● Records for the exercise
Lemma dominated_product_exists : exists E, is_dominated_product E.
Proof.
have [p1 d1 _] := coherent_envelope c1 (fun=> 0).
have [p2 d2 _] := coherent_envelope c2 (fun=> 0).
by exists (expect (pprod p1 p2)), p1, p2.
Qed.

Lemma dominated_product_coherent E : is_dominated_product E -> coherent E.
Proof.
move=> [p1 [p2 [d1 d2 ->]]]; apply/coherent_expect/pmf_pprod.
  exact: dominates_pmf d1.
exact: dominates_pmf d2.
Qed.

Lemma strong_product_coherent : coherent strong_product.
Proof. exact: lower_env_coherent dominated_product_coherent dominated_product_exists. Qed.

Lemma strong_product_fst g : strong_product (fun w => g w.1) = P1 g.
Proof.
apply/eqP; rewrite eq_le; apply/andP; split.
- have [p1 d1 <-] := coherent_envelope c1 g.
  have [p2 d2 _] := coherent_envelope c2 (fun=> 0).
  rewrite -(expect_pprod_fst p1 g (dominates_pmf c2 d2).2).
  by apply: (lower_env_le dominated_product_coherent); exists p1, p2.
- apply: (lower_env_ge dominated_product_exists) => E [p1 [p2 [d1 d2 ->]]].
  by rewrite expect_pprod_fst ?(dominates_pmf c2 d2).2.
Qed.

Lemma strong_product_snd h : strong_product (fun w => h w.2) = P2 h.
Proof.
apply/eqP; rewrite eq_le; apply/andP; split.
- have [p2 d2 <-] := coherent_envelope c2 h.
  have [p1 d1 _] := coherent_envelope c1 (fun=> 0).
  rewrite -(expect_pprod_snd p2 h (dominates_pmf c1 d1).2).
  by apply: (lower_env_le dominated_product_coherent); exists p1, p2.
- apply: (lower_env_ge dominated_product_exists) => E [p1 [p2 [d1 d2 ->]]].
  by rewrite expect_pprod_snd ?(dominates_pmf c1 d1).2.
Qed.

Definition irrelevance_models (E : (A * B -> R) -> R) : 'I_3 -> cmodel R (A * B)%type :=
  fun j => match val j with
  | 0 => @CModel R _ unitF (fun _ => tt) (fun _ => E)
  | 1 => @CModel R _ B (fun w => w.2) (fun b f => P1 (fun a => f (a, b)))
  | _ => @CModel R _ A (fun w => w.1) (fun a f => P2 (fun b => f (a, b)))
  end.

Lemma product_gain_le_cgain (fs : 'I_3 -> A * B -> R) p1 p2 w :
  dominates P1 p1 -> dominates P2 p2 ->
  product_gain p1 p2 (fs ord0) (fs (lift ord0 ord0)) (fs (lift ord0 (lift ord0 ord0))) w
    <= \sum_(j < 3) cgain (irrelevance_models strong_product j) (fs j) w.
Proof.
move=> d1 d2; rewrite !big_ord_recl big_ord0 /cgain /product_gain /=.
have : strong_product (fs ord0) <= expect (pprod p1 p2) (fs ord0).
  by apply: (lower_env_le dominated_product_coherent); exists p1, p2.
have := d1 (fun a => fs (lift ord0 ord0) (a, w.2)).
have := d2 (fun b => fs (lift ord0 (lift ord0 ord0)) (w.1, b)).
rewrite /gain_joint /gain_given_snd /gain_given_fst; lra.
Qed.

Lemma vanish_outside_support (E : (A * B -> R) -> R) (fs : 'I_3 -> A * B -> R)
    (Z : A * B -> Prop) :
  vanish_outside (fun w => Z w \/ exists j, csupp (irrelevance_models E j) (fs j) w)
    (fs ord0) (fs (lift ord0 ord0)) (fs (lift ord0 (lift ord0 ord0))).
Proof.
move=> w nS; split.
- by move=> w'; apply: boolp.contrapT => f0; apply: nS; right; exists ord0, w'.
- move=> a; apply: boolp.contrapT => f1; apply: nS; right.
  by exists (lift ord0 ord0), (a, w.2).
- move=> b; apply: boolp.contrapT => f2; apply: nS; right.
  by exists (lift ord0 (lift ord0 ord0)), (w.1, b).
Qed.
(* Assume the following setting. $E$ is a Boolean algebra of propositions (with conjunction $\&$, negation, disjunction), $E_0=E\setminus\{0\}$. $T$ is a commutative algebra with identity over $\mathbb{R}$ containing $\mathbb{R}$, whose elements are called unknown numbers; each $X\in T$ has an actual value $AV(X)\in\mathbb{R}$, where $AV:T\to T$ is a retraction of $T$ onto $\mathbb{R}$. For each $A\in E$, $T$ contains its indicator $I_A$ (the unknown whose actual value is $1$ if $A$ is true and $0$ if $A$ is false), and the indicators form a Boolean algebra of idempotents in $T$, with $I_{A\& B}=I_AI_B$. A plausible value function $PV:T\times E_0\to\mathbb{R}$ is given satisfying: (i) if $X\in T$, $s\in\mathbb{R}$, $A\in E_0$ and $A$ implies $AV(X)=s$, then $PV(X|A)=s$; (ii) if $X,Y\in T$, $A\in E_0$ and $A$ implies $AV(X)=AV(Y)$, then $PV(X|A)=PV(Y|A)$; (iii) if $X,Y\in T$, $C\in E_0$ and $C$ implies $AV(X)\le AV(Y)$, then $PV(X|C)\le PV(Y|C)$; (iv) if $r\in\mathbb{R}$, $C\in E_0$, $X,Y\in T$ and $PV(X|C)=PV(Y|C)$, then $PV(rX|C)=PV(rY|C)$; (v) if $A,C\in E$ (with $A\& C\in E_0$), $X_1,X_2\in T$ and $PV(X_1|A\& C)=PV(X_2|A\& C)$, then $PV(X_1I_A|C)=PV(X_2I_A|C)$. Define the plausibility $PL(A|C)=PV(I_A|C)$ for $A\in E$, $C\in E_0$. Then for all $A,B,C\in E$ with $B\& C\in E_0$, $$PL(A\& B|C)=PL(A|B\& C)\,PL(B|C).$$
   Context: Propositions are statements that are either true or false; ''$A$ implies (a statement about actual values)'' means that the statement holds whenever $A$ is true. Every real number $r\in T$ satisfies $AV(r)=r$, and any $A$ trivially implies $AV(r)=r$. *)

From HB Require Import structures.
From mathcomp Require Import all_boot all_order all_algebra.
From mathcomp Require Import reals.
Set Implicit Arguments. Unset Strict Implicit. Unset Printing Implicit Defensive.
Import Order.TTheory GRing.Theory Num.Theory.
Local Open Scope ring_scope.

(* Possible-worlds semantics: [truth A w] = proposition A is true in state w.
   "A implies P (a statement about actual values)" means P holds in every
   state where A is true. *)
Definition implies_AV {E Omega : Type} (truth : E -> Omega -> bool) (A : E)
  (P : Omega -> Prop) : Prop :=
  forall w, truth A w -> P w.

Definition PL {E T R : Type} (PV : T -> E -> R) (I : E -> T) (A C : E) : R :=
  PV (I A) C.

From HB Require Import structures.
From mathcomp Require Import all_boot all_order all_algebra.
From mathcomp Require Import reals.
Import Order.TTheory GRing.Theory Num.Theory.
Local Open Scope ring_scope.

(* Axiom (i) says that a nonzero condition fixes the plausible value of a
   constant, so by (iv) scalars pull out of PV, and by (v) the factor [X] in
   [X * I_A] may be replaced by the constant [PV(X | A & C)]. Hence
   [PV(X I_A | C) = PV(X | A & C) PL(A | C)]; the product rule is the case
   [X = I_A], since [I_(A & B) = I_A I_B]. *)

Set Implicit Arguments.
Unset Strict Implicit.

Section PlausibleValue.

Variables (R : realType) (d : Order.disp_t) (E : ctbDistrLatticeType d).
Variables (T : comAlgType R) (Omega : Type).
Variables (truth : E -> Omega -> bool) (AV : Omega -> T -> R).
Variables (I : E -> T) (PV : T -> E -> R).

Hypothesis AV_R : forall w (r : R), AV w r%:A = r.
Hypothesis PV_i : forall (X : T) (s : R) (A : E), A != Order.bottom ->
  implies_AV truth A (fun w => AV w X = s) -> PV X A = s.
Hypothesis PV_iv : forall (r : R) (C : E) (X Y : T), C != Order.bottom ->
  PV X C = PV Y C -> PV (r *: X) C = PV (r *: Y) C.
Hypothesis PV_v : forall (A C : E) (X1 X2 : T), Order.meet A C != Order.bottom ->
  PV X1 (Order.meet A C) = PV X2 (Order.meet A C) ->
  PV (X1 * I A) C = PV (X2 * I A) C.

Lemma PV_const (r : R) (C : E) : C != Order.bottom -> PV r%:A C = r.
Proof. by move=> hC; apply: PV_i => // w _; rewrite AV_R. Qed.

Lemma PV_eq_PV_const (X : T) (C : E) :
  C != Order.bottom -> PV X C = PV (PV X C)%:A C.
Proof. by move=> hC; rewrite PV_const. Qed.

Lemma PV_scale (r : R) (X : T) (C : E) : C != Order.bottom ->
  PV (r *: X) C = r * PV X C.
Proof.
by move=> hC; rewrite (PV_iv r hC (PV_eq_PV_const X hC)) scalerA PV_const // mulr_algl.
Qed.

Lemma PV_mul_indicator (X : T) (A C : E) : Order.meet A C != Order.bottom ->
  PV (X * I A) C = PV X (Order.meet A C) * PV (I A) C.
Proof.
move=> hAC; have hC : C != Order.bottom.
  by apply: contraNneq hAC => ->; rewrite meetx0.
by rewrite (PV_v hAC (PV_eq_PV_const X hAC)) mulr_algl PV_scale.
Qed.

End PlausibleValue.

Theorem mainTheorem3
  (R : realType) (d : Order.disp_t) (E : ctbDistrLatticeType d)
  (T : comAlgType R) (Omega : Type)
  (truth : E -> Omega -> bool) (AV : Omega -> T -> R)
  (I : E -> T) (PV : T -> E -> R)
  (* E is a Boolean algebra of propositions, interpreted in states *)
  (truth_meet : forall A B w, truth (Order.meet A B) w = truth A w && truth B w)
  (truth_compl : forall A w, truth (Order.compl A) w = ~~ truth A w)
  (truth_nonzero : forall A, A != Order.bottom -> exists w, truth A w)
  (* AV is (in each state) a retraction of T onto R *)
  (AV_R : forall w (r : R), AV w r%:A = r)
  (* indicators *)
  (AV_I : forall w A, AV w (I A) = (if truth A w then 1 else 0))
  (I_top : I Order.top = 1)
  (I_meet : forall A B, I (Order.meet A B) = I A * I B)
  (I_compl : forall A, I (Order.compl A) = 1 - I A)
  (* axioms (i)-(v) on PV *)
  (PV_i : forall (X : T) (s : R) (A : E), A != Order.bottom ->
     implies_AV truth A (fun w => AV w X = s) -> PV X A = s)
  (PV_ii : forall (X Y : T) (A : E), A != Order.bottom ->
     implies_AV truth A (fun w => AV w X = AV w Y) -> PV X A = PV Y A)
  (PV_iii : forall (X Y : T) (C : E), C != Order.bottom ->
     implies_AV truth C (fun w => AV w X <= AV w Y) -> PV X C <= PV Y C)
  (PV_iv : forall (r : R) (C : E) (X Y : T), C != Order.bottom ->
     PV X C = PV Y C -> PV (r *: X) C = PV (r *: Y) C)
  (PV_v : forall (A C : E) (X1 X2 : T), Order.meet A C != Order.bottom ->
     PV X1 (Order.meet A C) = PV X2 (Order.meet A C) ->
     PV (X1 * I A) C = PV (X2 * I A) C) :
  forall A B C : E, Order.meet B C != Order.bottom ->
    PL PV I (Order.meet A B) C = PL PV I A (Order.meet B C) * PL PV I B C.
Proof.
move=> A B C hBC.
by rewrite /PL I_meet (PV_mul_indicator AV_R PV_i PV_iv PV_v).
Qed.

● What you are asked to do
The string "compl" shows up in some lines of the listing. Copy each such line.

● Exercise solution
  (truth_compl : forall A w, truth (Order.compl A) w = ~~ truth A w)
  (I_compl : forall A, I (Order.compl A) = 1 - I A)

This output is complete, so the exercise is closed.